I can not find an obstacle in any of these pieces. Sorry, probably I am missing your point


----------



## Guest (Apr 9, 2014)

Perhaps my premise is muddled, but let me attempt to clarify. In all three cases listed in the OP, the start is very famous, arguably too famous -- appearing in lots of classical "greatest hits" collections, etc. It's easy to avoid listening to those pieces on the basis of the over-exposure suffered by the opening movements. All you wise folks know that that would be a mistake - and I agree. I'm wondering if there are other examples of works whose opening movements suffer from too much exposure in the same sense.


----------



## Blancrocher (Jul 6, 2013)

BPS said:


> Perhaps my premise is muddled, but let me attempt to clarify. In all three cases listed in the OP, the start is very famous, arguably too famous -- appearing in lots of classical "greatest hits" collections, etc. It's easy to avoid listening to those pieces on the basis of the over-exposure suffered by the opening movements. All you wise folks know that that would be a mistake - and I agree. I'm wondering if there are other examples of works whose opening movements suffer from too much exposure in the same sense.


Rossini's operas, for example.


----------



## bigshot (Nov 22, 2011)

In the era of recorded music, "overplayed" is the listener's mistake, not the composer's. I listen to enough different music, I don't burn out on any of it... especially truly great music like Beethoven 5 and Schubert 9.


----------



## Guest (Apr 9, 2014)

I fear to say I love the 2nd movement of the "Surprise" symphony because people will think I'm just enthralled by the surprise...it's that middle melody around 2 and a half or 3 minutes that gets me every time though


----------



## Guest (Apr 9, 2014)

bigshot said:


> In the era of recorded music, "overplayed" is the listener's mistake, not the composer's. I listen to enough different music, I don't burn out on any of it... especially truly great music like Beethoven 5 and Schubert 9.


I don't think BPS is referring to overplaying on the listener's part as much as the little bits of music you can only avoid if you never turn on a television. Of course, I don't watch TV any more, but what's done is done


----------



## GioCar (Oct 30, 2013)

GreenMamba said:


> Are you saying you don't like the beginnings of those pieces? I don't see any need to "get past" any of these beginnings.
> 
> For Beethoven, the starting theme is integrated into the whole first movement.


Into the whole symphony, I'd say...


----------



## GioCar (Oct 30, 2013)

BPS said:


> I can think of three well-known works where the start is so famous and overplayed it might act as a barrier to the rest of the piece.
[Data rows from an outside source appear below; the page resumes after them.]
(* Let $n\ge1$, $\boldsymbol\mu=(\mu_1,\dots,\mu_n)\in[0,1]^n$ and let $c$ be a positive integer. Let $\Omega=\{\mathbf{w}\in\{0,1\}^n:\sum_{i=1}^n w_i\ge c\}$. Then $$\max_{P\in\mathfrak{P}_{\boldsymbol\mu}}P(\Omega)=P^*_{\boldsymbol\mu}(\Omega).$$
   Context: $\mathfrak{P}$ is the set of probability distributions $P$ on $\{0,1\}^n$, written via conditionals as $P(\mathbf{w})=p_1(w_1)p_2(w_2|w_1)\cdots p_n(w_n|w_{n-1},\dots,w_1)$. $\mathfrak{P}_{\boldsymbol\mu}$ is the set of $P\in\mathfrak{P}$ such that $p_i(1|w_{i-1},\dots,w_1)\le\mu_i$ for every $i\in\{1,\dots,n\}$ and every history $(w_1,\dots,w_{i-1})\in\{0,1\}^{i-1}$ (for $i=1$: $p_1(1)\le\mu_1$). $P^*_{\boldsymbol\mu}$ is the product distribution $P^*_{\boldsymbol\mu}(\mathbf{w})=\prod_{i=1}^n p_i^*(w_i)$ with $p_i^*(1)=\mu_i$, $p_i^*(0)=1-\mu_i$. *)

From mathcomp Require Import all_boot all_order all_algebra.
Set Implicit Arguments. Unset Strict Implicit. Unset Printing Implicit Defensive.
Import Order.TTheory GRing.Theory Num.Theory.
Local Open Scope ring_scope.

(* A distribution P on {0,1}^n is given through its conditionals:
   cond i h = p_i(1 | h) for a history h = (w_1,...,w_i) (as a seq of length i),
   for i = 0..n-1 (0-based). *)
Definition is_kernel (R : realFieldType) (n : nat) (cond : nat -> seq bool -> R) :=
  forall (i : nat) (h : seq bool), (i < n)%N -> size h = i ->
    0 <= cond i h <= 1.

Definition probK (R : realFieldType) (n : nat) (cond : nat -> seq bool -> R)
    (w : n.-tuple bool) : R :=
  \prod_(i < n) (if tnth w i then cond i (take i w) else 1 - cond i (take i w)).

Definition in_Pmu (R : realFieldType) (n : nat) (mu : 'I_n -> R)
    (cond : nat -> seq bool -> R) :=
  is_kernel n cond /\
  forall (i : 'I_n) (h : seq bool), size h = i -> cond i h <= mu i.

Definition Pstar (R : realFieldType) (n : nat) (mu : 'I_n -> R)
    (w : n.-tuple bool) : R :=
  \prod_(i < n) (if tnth w i then mu i else 1 - mu i).

Definition Omega (n c : nat) : pred (n.-tuple bool) :=
  fun w => (c <= \sum_(i < n) nat_of_bool (tnth w i))%N.

Definition probOf (R : realFieldType) (n : nat) (P : n.-tuple bool -> R)
    (A : pred (n.-tuple bool)) : R :=
  \sum_(w : n.-tuple bool | A w) P w.
Arguments Omega n c : clear implicits.

(* Stochastic domination, coordinate by coordinate.  For every nondecreasing
   f on {0,1}^n and every P in P_mu, E_P[f] <= E_{P*_mu}[f]: condition on the
   first coordinate, apply induction to the two conditional laws, and note
   that moving weight from 0 to 1 at the first coordinate, which is what
   replacing p_1(1) <= mu_1 by mu_1 does, can only increase the expectation
   because f(1, .) dominates f(0, .).  The indicator of Omega is such an f. *)
From mathcomp Require Import all_boot all_order all_algebra.
Import Order.TTheory GRing.Theory Num.Theory.
Local Open Scope ring_scope.
Set Implicit Arguments. Unset Strict Implicit. Unset Printing Implicit Defensive.
From mathcomp Require Import ring.

Section Kernels.
Variable R : realFieldType.

Definition shift_kernel (cond : nat -> seq bool -> R) (b : bool) :=
  fun i h => cond i.+1 (b :: h).

Definition dominated (n : nat) (cond : nat -> seq bool -> R) (m : nat -> R) :=
  forall i h, (i < n)%N -> size h = i -> cond i h <= m i.

Definition nondecreasing_tuple n (f : n.-tuple bool -> R) :=
  forall w w' : n.-tuple bool, (forall i, tnth w i ==> tnth w' i) -> f w <= f w'.

Lemma sum_tuple_cons n (F : n.+1.-tuple bool -> R) :
  \sum_w F w = \sum_(t : n.-tuple bool) (F [tuple of true :: t] + F [tuple of false :: t]).
Proof.
rewrite (reindex (fun p : bool * n.-tuple bool => [tuple of p.1 :: p.2])) /=; last first.
  exists (fun w : n.+1.-tuple bool => (thead w, [tuple of behead w])).
    by case=> b t _; congr pair; apply/val_inj.
  by move=> w _; apply/val_inj; case: w => [[|x s]].
rewrite -(pair_bigA _ (fun (b : bool) (t : n.-tuple bool) => F [tuple of b :: t])) /=.
rewrite exchange_big /=.
by apply: eq_bigr => t _; rewrite big_bool.
Qed.

Lemma probK_cons n (cond : nat -> seq bool -> R) b (t : n.-tuple bool) :
  probK cond [tuple of b :: t] =
  (if b then cond 0%N [::] else 1 - cond 0%N [::]) * probK (shift_kernel cond b) t.
Proof.
rewrite /probK big_ord_recl /=; congr (_ * _).
by apply: eq_bigr => i _; rewrite tnthS.
Qed.

Lemma is_kernel_shift n (cond : nat -> seq bool -> R) b :
  is_kernel n.+1 cond -> is_kernel n (shift_kernel cond b).
Proof. by move=> Hk i h Hi Hh; apply: Hk => //=; rewrite Hh. Qed.

Lemma dominated_shift n (cond : nat -> seq bool -> R) m b :
  dominated n.+1 cond m -> dominated n (shift_kernel cond b) (fun i => m i.+1).
Proof. by move=> Hd i h Hi Hh; apply: Hd => //=; rewrite Hh. Qed.

Lemma probK_ge0 n (cond : nat -> seq bool -> R) (w : n.-tuple bool) :
  is_kernel n cond -> 0 <= probK cond w.
Proof.
move=> Hk; apply: prodr_ge0 => i _.
have size_hist : size (take i w) = i by rewrite size_takel // size_tuple ltnW.
have /andP[c0 c1] := Hk i _ (ltn_ord i) size_hist.
by case: (tnth w i); rewrite ?subr_ge0.
Qed.

Lemma nondecreasing_cons n (f : n.+1.-tuple bool -> R) b :
  nondecreasing_tuple f -> nondecreasing_tuple (fun t => f [tuple of b :: t]).
Proof.
move=> Hf w w' Hww'; apply: Hf => i.
by case: (unliftP ord0 i) => [j ->|->]; rewrite ?tnthS ?implybb.
Qed.

Lemma nondecreasing_head n (f : n.+1.-tuple bool -> R) (t : n.-tuple bool) :
  nondecreasing_tuple f -> f [tuple of false :: t] <= f [tuple of true :: t].
Proof.
by move=> Hf; apply: Hf => i; case: (unliftP ord0 i) => [j ->|->]; rewrite ?tnthS ?implybb.
Qed.

Lemma mixture_le (p m S0 S1 T0 T1 : R) :
  0 <= p -> p <= m -> m <= 1 -> S0 <= T0 -> S1 <= T1 -> T0 <= T1 ->
  p * S1 + (1 - p) * S0 <= m * T1 + (1 - m) * T0.
Proof.
move=> p0 pm m1 hS0 hS1 hT; rewrite -subr_ge0.
have -> : m * T1 + (1 - m) * T0 - (p * S1 + (1 - p) * S0)
    = p * (T1 - S1) + (1 - p) * (T0 - S0) + (m - p) * (T1 - T0) by ring.
have p1 : p <= 1 := le_trans pm m1.
by rewrite !addr_ge0 // mulr_ge0 // subr_ge0.
Qed.

Lemma expectation_le_product n (cond : nat -> seq bool -> R) (m : nat -> R)
    (f : n.-tuple bool -> R) :
  is_kernel n cond -> dominated n cond m -> is_kernel n (fun i _ => m i) ->
  nondecreasing_tuple f ->
  \sum_w probK cond w * f w <= \sum_w probK (fun i _ => m i) w * f w.
Proof.
elim: n => [|n IH] in cond m f *.
  by move=> *; apply: ler_sum => w _; rewrite /probK !big_ord0.
move=> Hk Hd Hm Hf; rewrite !sum_tuple_cons.
under eq_bigr => t _ do rewrite !probK_cons -!mulrA.
under [X in _ <= X]eq_bigr => t _ do rewrite !probK_cons -!mulrA.
rewrite !big_split /= -!mulr_sumr.
have [/andP[p0 _] /andP[_ m1]] := (Hk 0%N [::] erefl erefl, Hm 0%N [::] erefl erefl).
apply: mixture_le => //; first exact: Hd.
- apply: IH; [exact: is_kernel_shift | exact: dominated_shift
             | exact: (is_kernel_shift false Hm) | exact: nondecreasing_cons].
- apply: IH; [exact: is_kernel_shift | exact: dominated_shift
             | exact: (is_kernel_shift true Hm) | exact: nondecreasing_cons].
- apply: ler_sum => t _; apply: ler_wpM2l; last exact: nondecreasing_head.
  exact: (probK_ge0 _ (is_kernel_shift true Hm)).
Qed.

Lemma probOfE n (P : n.-tuple bool -> R) (A : pred (n.-tuple bool)) :
  probOf P A = \sum_w P w * (A w)%:R.
Proof.
rewrite /probOf big_mkcond; apply: eq_bigr => w _.
by case: (A w); rewrite ?mulr1 ?mulr0.
Qed.

Lemma Omega_nondecreasing n c : nondecreasing_tuple (fun w => (Omega n c w)%:R : R).
Proof.
move=> w w' Hww'; rewrite ler_nat.
have count_le : (\sum_(i < n) tnth w i <= \sum_(i < n) tnth w' i)%N.
  by apply: leq_sum => i _; move: (Hww' i); case: (tnth w i); case: (tnth w' i).
case: (boolP (Omega n c w)) => //= hw.
by rewrite [Omega n c w'](leq_trans hw count_le).
Qed.

End Kernels.

(* [mu] extended by [0] outside ['I_n], so that it can be shifted. *)
Definition extend_ord (R : realFieldType) n (mu : 'I_n -> R) (i : nat) : R :=
  if insub i is Some j then mu j else 0.

Lemma extend_ordE (R : realFieldType) n (mu : 'I_n -> R) (j : 'I_n) :
  extend_ord mu j = mu j.
Proof. by rewrite /extend_ord valK. Qed.

Lemma probK_extend_ord (R : realFieldType) n (mu : 'I_n -> R) (w : n.-tuple bool) :
  probK (fun i _ => extend_ord mu i) w = Pstar mu w.
Proof. by apply: eq_bigr => i _; rewrite extend_ordE. Qed.

Lemma in_Pmu_extend_ord (R : realFieldType) n (mu : 'I_n -> R) :
  (forall i, 0 <= mu i <= 1) -> in_Pmu mu (fun i _ => extend_ord mu i).
Proof.
move=> Hmu; split=> [i h Hi _|i h _]; last by rewrite extend_ordE.
by rewrite -[i]/(val (Ordinal Hi)) extend_ordE; apply: Hmu.
Qed.

Lemma in_Pmu_dominated (R : realFieldType) n (mu : 'I_n -> R) cond :
  in_Pmu mu cond -> dominated n cond (extend_ord mu).
Proof.
by move=> [_ Hd] i h Hi Hh; rewrite -[i]/(val (Ordinal Hi)) extend_ordE; apply: Hd.
Qed.

Theorem mainTheorem14 (R : realFieldType) (n : nat) (mu : 'I_n -> R) (c : nat) :
  (1 <= n)%N ->
  (forall i, 0 <= mu i <= 1) ->
  (0 < c)%N ->
  (exists cond, in_Pmu mu cond /\
     probOf (probK cond) (Omega n c) = probOf (Pstar mu) (Omega n c)) /\
  (forall cond, in_Pmu mu cond ->
     probOf (probK cond) (Omega n c) <= probOf (Pstar mu) (Omega n c)).
Proof.
move=> _ Hmu _.
have star_Pmu := in_Pmu_extend_ord Hmu.
have probK_star := probK_extend_ord mu.
split.
  exists (fun i _ => extend_ord mu i); split=> //.
  by apply: eq_bigr => w _; rewrite probK_star.
move=> cond Pmu_cond; rewrite !probOfE.
under [X in _ <= X]eq_bigr => w _ do rewrite -probK_star.
apply: expectation_le_product; first exact: Pmu_cond.1.
- exact: in_Pmu_dominated.
- exact: star_Pmu.1.
- exact: Omega_nondecreasing.
Qed.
But once you get past the opening, *there is a wealth of lovely music *which is quite different from the start.
> 
> The ones I can think of are:
> 1) Strauss' Also Sprach Zarathustra
> ...


Sorry, where is the wealth of lovely music in Orff's work?


----------



## Cheyenne (Aug 6, 2012)

Blancrocher said:


> Speaking of Britten, I'm reminded of this masterclass led by Julian Bream:
> 
> Must be annoying for a student who's devoted months to learning a piece to not be able to get past the first note of it!


"The quality of sound was rather... Not particularly good." Gotta love his politeness :tiphat:


----------



## GioCar (Oct 30, 2013)

shangoyal said:


> Tchaikovsky's Piano Concerto No. 1
> Schubert's 9th symphony
> 
> These are works where the beginning is so amazing and beautiful, that I almost keep missing it throughout the piece.


Yes, definitely true for Tchaikovsky's piano concerto. 
And this is also one big weakness of that work, the fact that the beautiful initial theme is not exploited any longer in the concerto.


----------



## maestro267 (Jul 25, 2009)

I sometimes struggle to connect the introduction of Also Sprach to the rest of the piece. It's been played so often on its own, that it's difficult to not think of it as a separate piece.

Also, a certain commerical station here has been known to play just the intro! Just 2 minutes! That's like playing the first movt. of Beethoven 5 and stopping after the first 8 notes! Ridiculous!


----------



## GioCar (Oct 30, 2013)

The beginning of the Coriolan Overture, also because it was unfortunately so exploited by an old Italian tv commercial of an "amaro" (a bitter liqueur).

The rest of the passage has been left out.